Maybe you have heard the saying "we'll take care of that in user training". The notion that problems users have can be resolved by user training is severely flawed. Yet entire departments rally around this belief and worse many companies seem to wrap product management around it.
The idea that you can educate users about how to use a user interface is misguided. The goal of usability is to create intuitive user interfaces. Intuitive means the design does not require understanding. Help and "user education" presupposes that both of these goals are possible.
My personal and professional experience tells me they are not. Maybe I am not typical: I don't read user manuals, I struggle with help systems and I go for defaults over configuring options. In fact those three behaviors are very typical of the "average user".
At Experience Dynamics, I occasionally work with clients who have structured their entire user experience efforts around a User Education Department. This type of department writes documentation and help manuals and systems in order to "clean up" on confusion created by complex software, Web applications and Web sites. The idea is that with a little help, a user can be trained.
As someone who spends a lot of time with end users observing them interact with these same interfaces and help systems created by those same user education departments, I can tell you categorically that the intention does not match the reality. If it's not intuitive, you're in trouble...help or not.
Should you design help systems if they don't help?
Last week in Seattle there was a User Assistance (UA) conference, a regular conference for professionals in this area. Even usability thought leader Jared Spool spoke at the conference...
If 'help doesn't' then what are UA professionals such as those at last week's conference doing wasting their time? What is a company doing wasting time putting a help system in a design?
UA seems to be a 'necessary evil' in interface design. While user "training" can help ease the burden of disorientation, it is ineffective as a method for increasing the important usability metrics of ease of use, ease of learning or ease of understanding.
Don't get me wrong, you still need to build help systems-- just don't rely on them as a mechanism that will realistically save your design. What I object to is not the existence of UA, but rather the reliance on it by developers, designers and product managers as a way to brush away usability requirements. I have been in too many meetings where everyone nods their head to the sound of "that's just a user training issue" or "the user can just hit help or click here for help".
User Error, Lazy and Stupid Users and What to do about Them
While preparing this post, I mentioned to a colleague the premise of this article and he said:
Please tell that to my current project team. Man, they get so angry at the users' "incompetence" and "laziness" because they struggle and don't read the massive bibles of "User Assistance" for our web application...
Stupid and lazy users are often found in the same mental space as user education. I once talked to a manager of users using a system who told me the problem with the users was that they were lazy.
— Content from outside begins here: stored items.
(* The template point [e j] goes to the grid point whose [i]-th index depends only on the
   [i]-th coordinate of [e j], so equal coordinates stay equal. *)
Lemma template_in_grid d k (A X : 'I_d -> Type) (P : dtuple A -> Prop)
    (t : forall i, 'I_k -> X i) :
  0 < k -> is_template k P -> (forall i, injective (t i)) ->
  exists Q, L_edge k P Q /\ forall v, Q v -> exists J : 'I_d -> 'I_k, v = fun i => t i (J i).
Proof.
move=> k_gt0 [e [e_inj eP]] t_inj.
pose rep (i : 'I_d) (a : A i) : 'I_k :=
  if pselect (exists j, e j i = a) is left h then proj1_sig (cid h) else Ordinal k_gt0.
have repP i j : e (rep i (e j i)) i = e j i.
  by rewrite /rep; case: pselect => [h|[]]; [exact: proj2_sig (cid h) | exists j].
pose q j : dtuple X := fun i => t i (rep i (e j i)).
exists (fun v => exists j, q j = v); split; last by move=> _ [j <-]; eexists.
split.
  exists q; split=> // j j' eq_q; apply: e_inj; apply: functional_extensionality_dep => i.
  by rewrite -(repP i j) -(repP i j') (t_inj i _ _ (congr1 (@^~ i) eq_q)).
pose J (x : {x | P x}) := proj1_sig (cid ((eP (proj1_sig x)).1 (proj2_sig x))).
have JP x : e (J x) = proj1_sig x by rewrite /J; case: cid.
exists (fun x => exist (fun v => exists j, q j = v) (q (J x)) (ex_intro _ (J x) erefl)); split.
  move=> [v [j qj]]; exists (exist P (e j) ((eP _).2 (ex_intro _ j erefl))).
  by apply: proj1_sig_inj => /=; rewrite -qj; congr q; apply: e_inj; apply: JP.
by move=> x y i eq_i /=; rewrite /q !JP eq_i.
Qed.

Theorem lemma1p2 (d k : nat) (hd : 1 <= d) (hk : 2 <= k)
  (K : Type) (hK : card_le nat K)
  (A : 'I_d -> Type) (P : dtuple A -> Prop) (hP : @is_template d k A P)
  (X : 'I_d -> Type) (hX : forall i : 'I_d, card_ge_succ_pow i K (X i)) :
  chi_ge (@L_edge d k A X P) K.
Proof.
move=> C c C_lt_K c_proper; have k_gt0 : 0 < k by apply: leq_trans hk.
have [U [S [S_mono K_le_S0 S_strict S_le_X]]] := succ_pow_chain_into hd hX.
have S0_inf := card_le_trans hK K_le_S0.
have S_inhab (i : 'I_d) : exists x, S i x.
  by have [n0 _] := S0_inf; exists (proj1_sig (n0 0)); apply: S_mono (proj2_sig (n0 0)).
pose emb i := proj1_sig (cid (card_le_sig_extend (S_inhab i) (S_le_X i))).
have emb_inj (i : 'I_d) x y : S i x -> S i y -> emb i x = emb i y -> x = y.
  by rewrite /emb; case: cid => f; apply.
have [t [g [t_inj tS t_mono]]] := monochromatic_grid (fun u => c (fun i => emb i (u i)))
  k_gt0 S_mono S0_inf (card_le_trans C_lt_K.1 K_le_S0)
  (card_lt_not_le_prod_ord hK C_lt_K K_le_S0) S_strict.
have [Q [Q_edge Q_grid]] := template_in_grid (t := fun i j => emb i (t i j)) k_gt0 hP
  (fun i j j' eq_t => t_inj i _ _ (emb_inj i _ _ (tS i j) (tS i j') eq_t)).
have [x [y [/Q_grid [Jx ->] [/Q_grid [Jy ->]]]]] := c_proper Q Q_edge.
by rewrite !t_mono.
Qed.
There were no usability issues with the application, it was their laziness and stupidity that were to blame. In the next moment she told me that she was having terrible issues with the app's ease of use and that a competitor's application was so much easier to use!
Humans are extremely intelligent but it's a different intelligence than the linear intelligence of a machine. As a result humans will commit errors. Errors are actually inherent in how we learn. You remember "trial and error" right? Or Lean's "fail fast and quickly"?
Since you can't adjust your users but you can your design, how about this for a new belief: "There are no user errors, only designer errors"?
User help as a product management approach?
If your belief about users is that help does, or that a sprinkle of training is the answer, then you probably need to spend more time with your users. Even technical users, business users, scientific expert users, PhD users, and others you would expect to master an interface, show the same pattern as average users in our studies at Experience Dynamics.
Virgin Atlantic Airways took a user assistance approach to the design of their first-generation of their in-flight entertainment system. The last few Virgin flights I took to London last year had that system in them. Tired and ready to view the great British TV content they have on those flights, I experienced their product strategy first hand:
- Virgin forced a repetitive start screen asking if you had read the directions before continuing.
- Console controls were so confusing (simultaneous criss-cross left and right thumb navigation) they often triggered the friendly help video (forced watching).
- The in-flight media guide had a cartoon character proclaiming "the system is EASY TO USE!" explaining why it was easy to use and offering pages of instructions on how to use it.
Needless to say, on every Virgin flight I struggled to figure out how to use the system. Instead of interacting with the content, I was forced to interact with the belief system used to design the experience: That user education and help was the answer to leveraging potential usability issues.
Virgin's redesign of the system, called RED, (pictured top of this page) looks remarkably more pleasant and usable. Designed by Charles Ogilvy, you can see some images of it here. The new system is a complete rework, and it looks like they made user experience the driver and gave user assistance more of a back seat.
Virgin learned a difficult lesson that many designers and developers make: make it intuitive, to begin with, design to accommodate human error, and leave user assistance as the safety net, knowing that it might catch falling users (or more probably it will not).
In summary: User education and assistance is a supplement that users might access in a frenzied state of helplessness, confusion or anger. It rarely helps to save a design that has failed to support a user. Help should be there as an 'FYI' not as a substitute for a non-intuitive design.